News Column

Colorado Business Leaders Optimistic, Hesitant About Economy, Report Says

Oct. 2, 2012

Alicia Wallace

Although Colorado business leaders remain generally optimistic about the health of their firms and the economy, broader domestic and international concerns -- notably the United States potentially falling off the "fiscal cliff" -- have diluted expectations for growth, officials in the University of Colorado's Leeds School of Business announced Monday.

The Leeds Business Confidence Index, which measures executives' confidence in areas such as the national economy and hiring plans, fell to a level of 51.6 for the fourth quarter of 2012. During the third quarter, the overall index had a reading of 53.6.

The main index and other subcategories -- expectations related to the state economy, national economy, capital expenditures, hiring, sales and profits -- all posted readings above 50, indicating that attitudes remain positive.

"There are plenty of bright spots to point to," said Richard Wobbekind, executive director of the Leeds School's Business Research Division, which conducts the quarterly survey. "Housing seems to have established a bottom and is moving up in many parts of the country, construction jobs are up year over year ... and vehicle sales are up."

However, executives appear to be taking a "wait-and-see" approach to hiring and spending because of uncertainly swelling around the upcoming election, the ongoing Euro crisis and the "fiscal cliff," the consequences from the Budget Control Act of 2011, which stopped the U.S. from defaulting on its debt last year. Economists, including Wobbekind, have said that the effects of the act -- which include tax increases, spending cuts and expiration of unemployment benefits -- could drive the nation into another recession in 2013.

"It just has the ability to take too much steam out of what is a slow-moving engine at this point," Wobbekind said.

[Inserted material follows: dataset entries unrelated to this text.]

(* Let $(A,Q_0,\unlhd)$ be a left standardly stratified algebra and let $e\in A$ be an idempotent supported in $Q_0'$. If the $A$-module $A/AeA$ has a $\Delta$-filtration and the $A$-module $D(A/AeA)$ has a $\bar\nabla$-filtration, then $Q_0'$ is a coideal of the essential order $(Q_0,\unlhd_{\mathrm{ess}})$ associated to $(A,Q_0,\unlhd)$.
   Context: All algebras finite-dimensional over a field $\Bbbk$, modules finite-dimensional left modules, $D=\mathrm{Hom}_\Bbbk(-,\Bbbk)$. Simples labelled by a finite poset $(Q_0,\unlhd)$: $L_i$, projective cover $P_i$, injective hull $I_i$, multiplicity $[X:L_i]$. Standard $\Delta_i$: largest quotient of $P_i$ with composition factors $L_j$, $j\unlhd i$; costandard $\nabla_i$: largest submodule of $I_i$ with composition factors $L_j$, $j\unlhd i$; proper costandard $\bar\nabla_i$: largest submodule $X$ of $\nabla_i$ with $[X:L_i]=1$. $\Delta$-/$\bar\nabla$-filtration: filtration with subquotients standard/proper costandard modules. $A$ is left standardly stratified if each kernel of $P_i\to\Delta_i$ is filtered by $\Delta_j$, $j\rhd i$. Support of $e$: $\{i:eL_i\ne0\}$. The essential order $\unlhd_{\mathrm{ess}}$ is the smallest partial order on $Q_0$ with $j\unlhd_{\mathrm{ess}}i$ whenever $[\Delta_i:L_j]\ne0$ or $[\bar\nabla_i:L_j]\ne0$. A coideal of $(Q_0,\unlhd_{\mathrm{ess}})$ is a subset $S$ with $i\unlhd_{\mathrm{ess}}j$, $i\in S$ $\Rightarrow$ $j\in S$. *)

(* Finite-dimensional algebras are MathComp [falgType F]
   (finite-dimensional unital F-algebras); finite-dimensional left modules are
   given concretely by matrices acting on row vectors. *)
From HB Require Import structures.
From mathcomp Require Import all_boot all_order all_algebra all_field.
From Stdlib Require Import Relations.

Set Implicit Arguments.
Unset Strict Implicit.
Unset Printing Implicit Defensive.

Import GRing.Theory.
Local Open Scope ring_scope.

Section Modules.
Variables (F : fieldType) (A : falgType F).

(* A (finite-dimensional) left A-module: the space 'rV[F]_ldim, where
   a . v := v *m lact a.  Left-module axioms are the predicate [lmodP]. *)
Record lmod := LMod { ldim : nat; lact : A -> 'M[F]_ldim }.

Definition lmodP (M : lmod) : Prop :=
  [/\ forall (k : F) (a b : A), lact M (k *: a + b) = k *: lact M a + lact M b,
      lact M 1 = 1%:M
    & forall a b : A, lact M (a * b) = lact M b *m lact M a].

Wobbekind is optimistic that Congress and the White House will take actions to halt a plunge off the "cliff," but whether those compromises, cuts and extensions take place in the fourth quarter or the first quarter of next year remain to be seen.

If a "fiscal cliff" scenario is avoided, Wobbekind expects the economy could grow in the range of 2.5 percent to 2.8 percent next year and climb above 3 percent in 2014 and 2015.

"People are tired of hearing it's a slow process," he said. "You have a financial recession, it takes an awfully long time to heal. It feels like we are in the healing mode."

Ryan Tundra, president of Boulder-based Tundra Restaurant Supply, said any growth in the broader economy and any lessening in businesses' uncertainty could only help his company.

"We just, for the most part, continue to do what we do," he said. "We grow our business strategically in terms of offering more products, more services, we enter more markets.

"In a way, if there is a broader uptick, that's going to be incremental to the growth that we're forecasting."